Calibrate $[\sigma, \lambda, \mu_J, \delta_J]$ from historical returns using MLE.

PDF: $f(x) = \sum_{n=0}^{\infty} \frac{e^{-\lambda dt}(\lambda dt)^n}{n!} \cdot \mathcal{N}(x; \mu_n, \sigma_n^2)$

Where: $\mu_n = (r - q - \lambda k - \sigma^2/2)dt + n\mu_J$, $\sigma_n^2 = \sigma^2 dt + n\delta_J^2$, $k = e^{\mu_J + \delta_J^2/2} - 1$

In [None]:
import math
import numpy as np
from scipy.stats import norm
from scipy.optimize import minimize

def merton_pdf(x: np.ndarray, sigma: float, lam: float, mu_j: float, delta_j: float,
               dt: float, r: float = 0.0, q: float = 0.0, n_max: int = 15) -> np.ndarray:
    """
    Merton jump diffusion PDF for log-return x over period dt.
    Parameters are annualized: sigma (vol), lam (jump intensity), mu_j (mean of ln(J)), delta_j (std of ln(J)).
    """
    k = np.exp(mu_j + 0.5 * delta_j**2) - 1  # E[J-1]
    drift = (r - q - lam * k - 0.5 * sigma**2) * dt
    
    pdf = np.zeros_like(x, dtype=float)
    for n in range(n_max):
        mu_n = drift + n * mu_j
        var_n = sigma**2 * dt + n * delta_j**2
        if var_n <= 0:
            continue
        sigma_n = np.sqrt(var_n)
        poisson_weight = np.exp(-lam * dt) * (lam * dt)**n / math.factorial(n)
        pdf += poisson_weight * norm.pdf(x, loc=mu_n, scale=sigma_n)
    return np.clip(pdf, 1e-300, None)  # avoid log(0)

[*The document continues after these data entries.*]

End FermiChart.
Theorem corollary1 (a : R -> R) (chi1 chi2 : R) :
  smooth_pos a -> positive_pos a -> increasing_pos a ->
  (* Scenario I *)
  (forall (tau0 tau1 tm tp : R)
          (D0 : R -> R -> Prop) (T0 X0 : R -> R -> R)
          (D1 : R -> R -> Prop) (T1 X1 : R -> R -> R)
          (rq rs rs' v1 v2 v3 : R),
     0 < tau0 ->
     FermiChart a 0 D0 T0 X0 -> FermiChart a chi1 D1 T1 X1 ->
     D0 tau0 rq -> T0 tau0 rq = tau1 -> X0 tau0 rq = chi1 ->
     D0 tau0 rs -> T0 tau0 rs = tm -> X0 tau0 rs = chi2 ->
     D1 tau1 rs' -> T1 tau1 rs' = tp -> X1 tau1 rs' = chi2 ->
     FermiVel D0 X0 chi1 tau0 rq v1 ->
     FermiVel D1 X1 chi2 tau1 rs' v2 ->
     FermiVel D0 X0 chi2 tau0 rs v3 ->
     1 + v3 ^ 2 / gFermi a T0 X0 tau0 rs =
       (a tm) ^ 2 / (a tp) ^ 2
       * (1 + v1 ^ 2 / gFermi a T0 X0 tau0 rq)
       * (1 + v2 ^ 2 / gFermi a T1 X1 tau1 rs')) /\
  (* Scenario II *)
  (forall (tm tp tau1 tau2 : R)
          (D0 : R -> R -> Prop) (T0 X0 : R -> R -> R)
          (D1 : R -> R -> Prop) (T1 X1 : R -> R -> R)
          (rq rs rs0 v1 v2 v3 : R),
     0 < tm -> 0 < tp ->
     FermiChart a 0 D0 T0 X0 -> FermiChart a chi1 D1 T1 X1 ->
     D0 tm rq -> T0 tm rq = tau1 -> X0 tm rq = chi1 ->
     D1 tau1 rs -> T1 tau1 rs = tau2 -> X1 tau1 rs = chi2 ->
     D0 tp rs0 -> T0 tp rs0 = tau2 -> X0 tp rs0 = chi2 ->
     FermiVel D0 X0 chi1 tm rq v1 ->
     FermiVel D1 X1 chi2 tau1 rs v2 ->
     FermiVel D0 X0 chi2 tp rs0 v3 ->
     1 + v3 ^ 2 / gFermi a T0 X0 tp rs0 =
       (a tm) ^ 2 / (a tp) ^ 2
       * (1 + v1 ^ 2 / gFermi a T0 X0 tm rq)
       * (1 + v2 ^ 2 / gFermi a T1 X1 tau1 rs)) /\
  (* Scenario III *)
  (forall (tau0 tm tp tau2 : R)
          (D0 : R -> R -> Prop) (T0 X0 : R -> R -> R)
          (D1 : R -> R -> Prop) (T1 X1 : R -> R -> R)
          (rq rs rs1 v1 v2 v3 : R),
     0 < tau0 -> 0 < tm ->
     FermiChart a 0 D0 T0 X0 -> FermiChart a chi1 D1 T1 X1 ->
     D0 tau0 rq -> T0 tau0 rq = tp -> X0 tau0 rq = chi1 ->
     D0 tau0 rs -> T0 tau0 rs = tau2 -> X0 tau0 rs = chi2 ->
     D1 tm rs1 -> T1 tm rs1 = tau2 -> X1 tm rs1 = chi2 ->
     FermiVel D0 X0 chi1 tau0 rq v1 ->
     FermiVel D1 X1 chi2 tm rs1 v2 ->
     FermiVel D0 X0 chi2 tau0 rs v3 ->
     1 + v3 ^ 2 / gFermi a T0 X0 tau0 rs =
       (a tm) ^ 2 / (a tp) ^ 2
       * (1 + v1 ^ 2 / gFermi a T0 X0 tau0 rq)
       * (1 + v2 ^ 2 / gFermi a T1 X1 tm rs1)).
Proof.
  intros Hs Hp _.
  pose proof (fun chij D T X HF => fermi_velocity_redshift a chij D T X Hs Hp HF) as redshift.
  split; [|split].
  - intros tau0 tau1 tm tp D0 T0 X0 D1 T1 X1 rq rs rs' v1 v2 v3 _ HF0 HF1
      Dq Tq _ Ds Ts _ Ds' Ts' _ V1 V2 V3.
    rewrite (redshift _ _ _ _ HF0 _ _ _ _ Dq V1), (redshift _ _ _ _ HF1 _ _ _ _ Ds' V2),
      (redshift _ _ _ _ HF0 _ _ _ _ Ds V3), Tq, Ts, Ts'.
    pose proof (Hp _ (fermi_proper_time_pos _ _ _ _ _ HF0 _ _ Dq)).
    pose proof (Hp _ (fermi_proper_time_pos _ _ _ _ _ HF1 _ _ Ds')).
    pose proof (Hp _ (fermi_time_pos _ _ _ _ _ HF1 _ _ Ds')). rewrite Ts' in *.
    field. repeat split; lra.
  - intros tm tp tau1 tau2 D0 T0 X0 D1 T1 X1 rq rs rs0 v1 v2 v3 Hm Hpp HF0 HF1
      Dq Tq _ Ds Ts _ Ds0 Ts0 _ V1 V2 V3.
    rewrite (redshift _ _ _ _ HF0 _ _ _ _ Dq V1), (redshift _ _ _ _ HF1 _ _ _ _ Ds V2),
      (redshift _ _ _ _ HF0 _ _ _ _ Ds0 V3), Tq, Ts, Ts0.
    pose proof (Hp _ Hm). pose proof (Hp _ Hpp).
    pose proof (Hp _ (fermi_proper_time_pos _ _ _ _ _ HF1 _ _ Ds)).
    field. repeat split; lra.
  - intros tau0 tm tp tau2 D0 T0 X0 D1 T1 X1 rq rs rs1 v1 v2 v3 H0 Hm HF0 HF1
      Dq Tq _ Ds Ts _ Ds1 Ts1 _ V1 V2 V3.
    rewrite (redshift _ _ _ _ HF0 _ _ _ _ Dq V1), (redshift _ _ _ _ HF1 _ _ _ _ Ds1 V2),
      (redshift _ _ _ _ HF0 _ _ _ _ Ds V3), Tq, Ts, Ts1.
    pose proof (Hp _ H0). pose proof (Hp _ Hm).
    pose proof (Hp _ (fermi_time_pos _ _ _ _ _ HF0 _ _ Dq)). rewrite Tq in *.
    field. repeat split; lra.
Qed.
(* Let $a\in C[0,1]$ satisfy: the open sets $\Omega_-:=a^{-1}((-\infty,0))$ and $\Omega_+:=a^{-1}((0,\infty))$ consist of finitely many nontrivial open intervals, $\Omega_-=\bigcup_{j=1}^r(\alpha_j,\beta_j)$ and $\Omega_+=\bigcup_{i=1}^s(\gamma_i,\varrho_i)$, $a$ vanishes at the endpoints of these intervals, and they are adjacent and interlacing (each interior interval is surrounded by two intervals of the opposite sign). For $j\in\{1,\dots,r\}$ and $\lambda\in\mathbb R$, let $\ell^{\min}_{\lambda,j}$ denote the minimal positive solution of $-u''=\lambda u+a(x)u^2$ in $(\alpha_j,\beta_j)$ subject to: $u(\alpha_j)=u(\beta_j)=\infty$ if $0<\alpha_j<\beta_j<1$; $u(0)=0$, $u(\beta_j)=\infty$ if $0=\alpha_j<\beta_j<1$; $u(\alpha_j)=\infty$, $u(1)=0$ if $0<\alpha_j<\beta_j=1$. Then for every $j\in\{1,\dots,r\}$ and every $x\in(\alpha_j,\beta_j)$, $$\lim_{\lambda\downarrow-\infty}\ell^{\min}_{\lambda,j}(x)=0,$$ uniformly on compact subsets of $(\alpha_j,\beta_j)$.
   Context: A boundary condition $u=\infty$ at an endpoint $c$ means $u(x)\to+\infty$ as $x\to c$ from inside the interval (large/blow-up solutions). The minimal positive solution is the pointwise smallest positive solution of the corresponding singular boundary value problem; its existence is known. *)

From Stdlib Require Import Reals Lra.
From Coquelicot Require Import Coquelicot.
Open Scope R_scope.

Definition left_bc (u : R -> R) (c : R) : Prop :=
  if Req_EM_T c 0 then filterlim u (at_right c) (locally 0)
  else filterlim u (at_right c) (Rbar_locally p_infty).

Definition right_bc (u : R -> R) (d : R) : Prop :=
  if Req_EM_T d 1 then filterlim u (at_left d) (locally 0)
  else filterlim u (at_left d) (Rbar_locally p_infty).

Definition pos_solution (a : R -> R) (lam al be : R) (u : R -> R) : Prop :=
  (forall x, al < x < be ->
     0 < u x /\ ex_derive u x /\
     is_derive (Derive u) x (- (lam * u x + a x * (u x) ^ 2))) /\
  left_bc u al /\ right_bc u be.

Definition minimal_pos_solution (a : R -> R) (lam al be : R) (u : R -> R) : Prop :=
  pos_solution a lam al be u /\
  forall v, pos_solution a lam al be v -> forall x, al < x < be -> u x <= v x.

From Stdlib Require Import Reals Lra Lia.
From Coquelicot Require Import Coquelicot.
Open Scope R_scope.

(* With mu = -lam and g = -a >= kap > 0 near a compact [c, d], every positive
   solution satisfies u'' = mu u + g u^2.  Comparison with the Keller-Osserman
   barrier A/(x-p)^2 + A/(q-x)^2, A = 6/kap, bounds u on [c, d] independently
   of lam; comparison with M (exp(-r (x-p)) + exp(-r (q-x))), r = sqrt mu, then
   makes u exponentially small in r. *)

Lemma deriv_pos_right_of_critical (f1 : R -> R) (m f2 : R) :
  f1 m = 0 -> is_derive f1 m f2 -> 0 < f2 ->
  exists del, 0 < del /\ forall x, m < x < m + del -> 0 < f1 x.
Proof.
  intros Hm Hd Hf2.
  apply is_derive_Reals in Hd.
  destruct (Hd f2 Hf2) as [del Hdel].
  exists del; split; [apply cond_pos|].
  intros x Hx.
  assert (Habs : Rabs (x - m) < del) by (rewrite Rabs_right; lra).
  specialize (Hdel (x - m) ltac:(lra) Habs).
  replace (m + (x - m)) with x in Hdel by ring.
  rewrite Hm, Rminus_0_r in Hdel.
  apply Rabs_def2 in Hdel as [_ Hlow].
  assert (Hquot : 0 < f1 x / (x - m)) by lra.
  replace (f1 x) with (f1 x / (x - m) * (x - m)) by (field; lra).
  apply Rmult_lt_0_compat; lra.
Qed.

Lemma maximum_principle (f f1 : R -> R) (p q : R) :
  p <= q ->
  (forall x, p <= x <= q -> is_derive f x (f1 x)) ->
  (forall x, p < x < q -> 0 < f x -> exists f2, is_derive f1 x f2 /\ 0 < f2) ->
  f p <= 0 -> f q <= 0 -> forall x, p <= x <= q -> f x <= 0.
Proof.
  intros Hpq Hd Hd2 Hp Hq x Hx.
  destruct (Rle_or_lt (f x) 0) as [Hle|Hpos]; [exact Hle|exfalso].
  destruct (continuity_ab_maj f p q Hpq) as [m [Hmax Hm]].
  { intros c Hc. apply continuity_pt_filterlim.
    apply (ex_derive_continuous (K := R_AbsRing) (V := R_NormedModule)).
    eexists; apply Hd, Hc. }
  assert (Hfm : 0 < f m) by (specialize (Hmax x Hx); lra).
  assert (Hmi : p < m < q) by (destruct Hm as [[|] [|]]; subst; lra).
  assert (Hcrit : f1 m = 0).
  { assert (Hlim : derivable_pt_lim f m (f1 m)) by (apply is_derive_Reals, Hd; lra).
    rewrite <- (derive_pt_eq_0 f m (f1 m) (exist _ (f1 m) Hlim) Hlim).
    apply deriv_maximum with p q; try lra.
    intros; apply Hmax; lra. }
  destruct (Hd2 m Hmi Hfm) as [f2 [Hf2 Hf2pos]].
  destruct (deriv_pos_right_of_critical f1 m f2 Hcrit Hf2 Hf2pos) as [del [Hdel Hinc]].
  set (x1 := m + Rmin del (q - m) / 2).
  assert (Hx1 : m < x1 < m + del /\ x1 <= q).
  { pose proof (Rmin_l del (q - m)); pose proof (Rmin_r del (q - m)).
    assert (0 < Rmin del (q - m)) by (apply Rmin_glb_lt; lra).
    unfold x1; lra. }
  destruct (MVT_cor2 f f1 m x1) as [c [Hmvt Hc]]; [lra| |].
  { intros c Hc. apply is_derive_Reals, Hd; lra. }
  assert (0 < f1 c) by (apply Hinc; lra).
  assert (f x1 <= f m) by (apply Hmax; lra).
  nra.
Qed.

Lemma comparison_principle (u u1 u2 w w1 w2 : R -> R) (p q : R) :
  p <= q ->
  (forall x, p <= x <= q -> is_derive u x (u1 x) /\ is_derive w x (w1 x)) ->
  (forall x, p < x < q -> is_derive u1 x (u2 x) /\ is_derive w1 x (w2 x)) ->
  (forall x, p < x < q -> w x < u x -> w2 x < u2 x) ->
  u p <= w p -> u q <= w q -> forall x, p <= x <= q -> u x <= w x.
Proof.
  intros Hpq Hd Hd2 Hcmp Hp Hq x Hx.
  enough (u x - w x <= 0) by lra.
  apply (maximum_principle (fun y => u y - w y) (fun y => u1 y - w1 y) p q);
    [exact Hpq | | | lra | lra | exact Hx].
  - intros y Hy. destruct (Hd y Hy) as [Hu Hw].
    exact (is_derive_minus u w y _ _ Hu Hw).
  - intros y Hy Hpos. destruct (Hd2 y Hy) as [Hu1 Hw1].
    exists (u2 y - w2 y). split.
    + exact (is_derive_minus u1 w1 y _ _ Hu1 Hw1).
    + specialize (Hcmp y Hy); lra.
Qed.

Definition solves_on (mu : R) (g u : R -> R) (p q : R) : Prop :=
  forall x, p <= x <= q -> ex_derive u x /\ is_derive (Derive u) x (mu * u x + g x * u x ^ 2).

Lemma continuous_of_solves_on (mu : R) (g u : R -> R) (p q : R) :
  solves_on mu g u p q -> forall x, p <= x <= q -> continuity_pt u x.
Proof.
  intros Hu x Hx. apply continuity_pt_filterlim.
  apply (ex_derive_continuous (K := R_AbsRing) (V := R_NormedModule)), Hu, Hx.
Qed.

Lemma is_derive_ko_barrier (A p q e x : R) : p <= x <= q -> 0 < e ->
  is_derive (fun y => A / (y - p + e) ^ 2 + A / (q - y + e) ^ 2) x
    (- 2 * A / (x - p + e) ^ 3 + 2 * A / (q - x + e) ^ 3) /\
  is_derive (fun y => - 2 * A / (y - p + e) ^ 3 + 2 * A / (q - y + e) ^ 3) x
    (6 * A / (x - p + e) ^ 4 + 6 * A / (q - x + e) ^ 4).
Proof.
  intros Hx He.
  assert (0 < x - p + e) by lra. assert (0 < q - x + e) by lra.
  split; (auto_derive;
    [ repeat split; apply Rgt_not_eq; repeat apply Rmult_lt_0_compat; lra
    | field; lra ]).
Qed.

(* With s = (y-p+e)^-2 and t = (q-y+e)^-2 the barrier is A s + A t and its second
   derivative is 6 A (s^2 + t^2); this is where A = 6/kap comes from. *)
Lemma ko_barrier_supersolution (kap A s t : R) :
  kap * A = 6 -> 0 < A -> 0 <= s -> 0 <= t ->
  6 * A * s ^ 2 + 6 * A * t ^ 2 <= kap * (A * s + A * t) ^ 2.
Proof.
  intros HkA HA Hs Ht.
  replace (kap * (A * s + A * t) ^ 2) with (kap * A * A * (s + t) ^ 2) by ring.
  rewrite HkA.
  assert (0 <= A * (s * t)) by (apply Rmult_le_pos; [lra | apply Rmult_le_pos; lra]).
  nra.
Qed.

Lemma le_ko_barrier (mu kap e : R) (g u : R -> R) (p q : R) :
  0 <= mu -> 0 < kap -> p < q -> 0 < e -> solves_on mu g u p q ->
  (forall x, p <= x <= q -> kap <= g x) ->
  u p <= 6 / kap / e ^ 2 -> u q <= 6 / kap / e ^ 2 ->
  forall x, p <= x <= q -> u x <= 6 / kap / (x - p + e) ^ 2 + 6 / kap / (q - x + e) ^ 2.
Proof.
  intros Hmu Hkap Hpq He Hu Hg Hup Huq.
  set (A := 6 / kap).
  assert (HA : 0 < A) by (unfold A; apply Rdiv_lt_0_compat; lra).
  assert (HkA : kap * A = 6) by (unfold A; field; lra).
  assert (Hfar : 0 < A / (q - p + e) ^ 2)
    by (apply Rdiv_lt_0_compat; [lra | apply pow_lt; lra]).
  apply (comparison_principle u (Derive u) (fun y => mu * u y + g y * u y ^ 2)
    _ (fun y => - 2 * A / (y - p + e) ^ 3 + 2 * A / (q - y + e) ^ 3)
      (fun y => 6 * A / (y - p + e) ^ 4 + 6 * A / (q - y + e) ^ 4) p q).
  - lra.
  - intros y Hy. split; [apply Derive_correct, Hu, Hy | apply is_derive_ko_barrier; lra].
  - intros y Hy. split; [apply Hu; lra | apply is_derive_ko_barrier; lra].
  - intros y Hy Hwu.
    set (s := / (y - p + e) ^ 2). set (t := / (q - y + e) ^ 2).
    assert (Hs : 0 < s) by (apply Rinv_0_lt_compat, pow_lt; lra).
    assert (Ht : 0 < t) by (apply Rinv_0_lt_compat, pow_lt; lra).
    replace (A / (y - p + e) ^ 2 + A / (q - y + e) ^ 2) with (A * s + A * t) in Hwu
      by (unfold s, t; field; lra).
    replace (6 * A / (y - p + e) ^ 4 + 6 * A / (q - y + e) ^ 4)
      with (6 * A * s ^ 2 + 6 * A * t ^ 2) by (unfold s, t; field; lra).
    pose proof (ko_barrier_supersolution kap A s t HkA HA ltac:(lra) ltac:(lra)).
    assert (Hw0 : 0 < A * s + A * t) by nra.
    assert (kap * (A * s + A * t) ^ 2 < kap * u y ^ 2).
    { apply Rmult_lt_compat_l; [lra|]. nra. }
    specialize (Hg y ltac:(lra)).
    assert (kap * u y ^ 2 <= g y * u y ^ 2) by (apply Rmult_le_compat_r; nra).
    assert (0 <= mu * u y) by nra.
    lra.
  - replace (p - p + e) with e by ring. fold A in Hup. lra.
  - replace (q - q + e) with e by ring. fold A in Huq. lra.
Qed.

def merton_log_likelihood(params: tuple, returns: np.ndarray, dt: float,
                          r: float = 0.0, q: float = 0.0) -> float:
    """Negative log-likelihood for MLE (minimize this)."""
    sigma, lam, mu_j, delta_j = params
    if sigma <= 0 or lam < 0 or delta_j <= 0:
        return 1e10
    pdf = merton_pdf(returns, sigma, lam, mu_j, delta_j, dt, r, q)
    nll = -np.sum(np.log(pdf))
    return nll if np.isfinite(nll) else 1e10

def compute_log_returns(ohlc: pd.DataFrame, price_col: str = "close") -> tuple[np.ndarray, float]:
    """Compute log returns and dt (in years). Assumes sorted by timestamp."""
    prices = ohlc[price_col].astype(float).values
    returns = np.diff(np.log(prices))
    # Infer dt from index (median bar duration)
    if isinstance(ohlc.index, pd.DatetimeIndex) and len(ohlc) > 1:
        deltas = ohlc.index.to_series().diff().dt.total_seconds()
        dt_seconds = deltas.median()
        dt = dt_seconds / (365.25 * 24 * 3600)  # years
    else:
        dt = 1 / (365.25 * 24 * 4)  # default: 15-min bars
    return returns[~np.isnan(returns)], dt

In [None]:
def calibrate_merton(returns: np.ndarray, dt: float, r: float = 0.0, q: float = 0.0,
                    x0: list = None, bounds: tuple = None) -> dict:
    """
    Calibrate Merton JD parameters via MLE.
    Returns dict with sigma, lambda, mu_j, delta_j (annualized).
    """
    if x0 is None:
        # Initial guess: sigma from sample std, moderate jumps
        vol_emp = np.std(returns) / np.sqrt(dt) if dt > 0 else 0.5
        x0 = [max(vol_emp * 0.8, 0.2), 1.0, -0.02, 0.05]
    if bounds is None:
        bounds = [
            (0.05, 3.0),   # sigma
            (0.01, 20.0),  # lambda (jumps per year)
            (-0.5, 0.5),   # mu_j
            (0.01, 1.0),   # delta_j
        ]
    
    def neg_ll(p):
        return merton_log_likelihood(p, returns, dt, r, q)
    
    res = minimize(neg_ll, x0, method="L-BFGS-B", bounds=bounds,
                   options={"maxiter": 500})
    
    sigma, lam, mu_j, delta_j = res.x
    k = np.exp(mu_j + 0.5 * delta_j**2) - 1
    return {
        "sigma": sigma,
        "lambda": lam,
        "mu_j": mu_j,
        "delta_j": delta_j,
        "k": k,
        "nll": res.fun,
        "success": res.success,
    }

### Calibration data (preferred): Parquet trades

Preferred source is local Parquet files. Format: columns `time` (µs), `side` (B/S), `size`, `price`.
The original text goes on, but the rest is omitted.